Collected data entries
===

Lemma reduction_machine_spec x :
  exists R, reaches M (init x) (Cfg halt_label R) (3000 * length x ^ 2 + 3000) /\ R 1 = reduction x.
Proof.
  destruct reduction_machine_layout as (_ & _ & _ & _ & Hsuffix & Hpour).
  rewrite init_stacks. pose proof (scan_machine_spec x Instr [] 0) as Scan.
  unfold reduction. destruct (scan Instr x 0) as [m|] eqn:Es.
  - rewrite app_nil_r in Scan.
    pose proof (assemble_spec M _ suffix_label [] [] (rev x) (lsb_bits m) Hsuffix) as Emit.
    rewrite macros_out_neg_square_suffix in Emit.
    set (buf := rev (enc_slp (neg_square_suffix m)) ++ rev x) in Emit.
    set (c := snd (macros_out neg_square_suffix_macros (lsb_bits m))) in Emit.
    pose proof (reaches_run (pour_spec M pour_label Hpour [] [] buf c [])) as Pour.
    eexists. split.
    + eapply reaches_mono; [|exact (reaches_trans Scan (reaches_trans Emit Pour))].
      pose proof (scan_le _ _ _ _ Es) as Lm. pose proof (length_lsb_bits m) as Lc.
      assert (Lbuf : length buf <= length x + 8 * m + 24).
      { pose proof (length_enc_neg_square_suffix m).
        unfold buf. rewrite length_app, !length_rev. lia. }
      change (length neg_square_suffix_macros) with 16. unfold scan_time.
      rewrite Nat.pow_2_r. clear - Lm Lc Lbuf. nia.
    + cbn [stacks]. unfold buf. rewrite app_nil_r, rev_app_distr, !rev_involutive. reflexivity.
  - destruct Scan as (w & buf & c & Scan).
    exists (stacks w [true; true] buf c []). split; [|reflexivity].
    eapply reaches_mono; [|exact (reaches_trans Scan (err_spec w buf c))].
    unfold scan_time. rewrite Nat.pow_2_r. nia.
Qed.

Theorem mainTheorem14 : poly_many_one_reducible EquSLP TwoSoSSLP.
Proof.
  exists reduction. split; [|exact reduction_correct].
  exists reduction_machine, 3000, 2. intros x.
  destruct (reduction_machine_spec x) as (R & (t & Ht & Run) & Out).
  exists t. rewrite Run. auto.
Qed.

===

ABOUT THIS TASK: Each line from the one containing "destruct reduction_machine_layout as" to the end of the entries above should be copied exactly, and no other line.

RESULT OF THIS TASK:
  destruct reduction_machine_layout as (_ & _ & _ & _ & Hsuffix & Hpour).
  rewrite init_stacks. pose proof (scan_machine_spec x Instr [] 0) as Scan.
  unfold reduction. destruct (scan Instr x 0) as [m|] eqn:Es.
  - rewrite app_nil_r in Scan.
    pose proof (assemble_spec M _ suffix_label [] [] (rev x) (lsb_bits m) Hsuffix) as Emit.
    rewrite macros_out_neg_square_suffix in Emit.
    set (buf := rev (enc_slp (neg_square_suffix m)) ++ rev x) in Emit.
    set (c := snd (macros_out neg_square_suffix_macros (lsb_bits m))) in Emit.
    pose proof (reaches_run (pour_spec M pour_label Hpour [] [] buf c [])) as Pour.
    eexists. split.
    + eapply reaches_mono; [|exact (reaches_trans Scan (reaches_trans Emit Pour))].
      pose proof (scan_le _ _ _ _ Es) as Lm. pose proof (length_lsb_bits m) as Lc.
      assert (Lbuf : length buf <= length x + 8 * m + 24).
      { pose proof (length_enc_neg_square_suffix m).
        unfold buf. rewrite length_app, !length_rev. lia. }
      change (length neg_square_suffix_macros) with 16. unfold scan_time.
      rewrite Nat.pow_2_r. clear - Lm Lc Lbuf. nia.
    + cbn [stacks]. unfold buf. rewrite app_nil_r, rev_app_distr, !rev_involutive. reflexivity.
  - destruct Scan as (w & buf & c & Scan).
    exists (stacks w [true; true] buf c []). split; [|reflexivity].
    eapply reaches_mono; [|exact (reaches_trans Scan (err_spec w buf c))].
    unfold scan_time. rewrite Nat.pow_2_r. nia.
Qed.

Theorem mainTheorem14 : poly_many_one_reducible EquSLP TwoSoSSLP.
Proof.
  exists reduction. split; [|exact reduction_correct].
  exists reduction_machine, 3000, 2. intros x.
  destruct (reduction_machine_spec x) as (R & (t & Ht & Run) & Out).
  exists t. rewrite Run. auto.
Qed.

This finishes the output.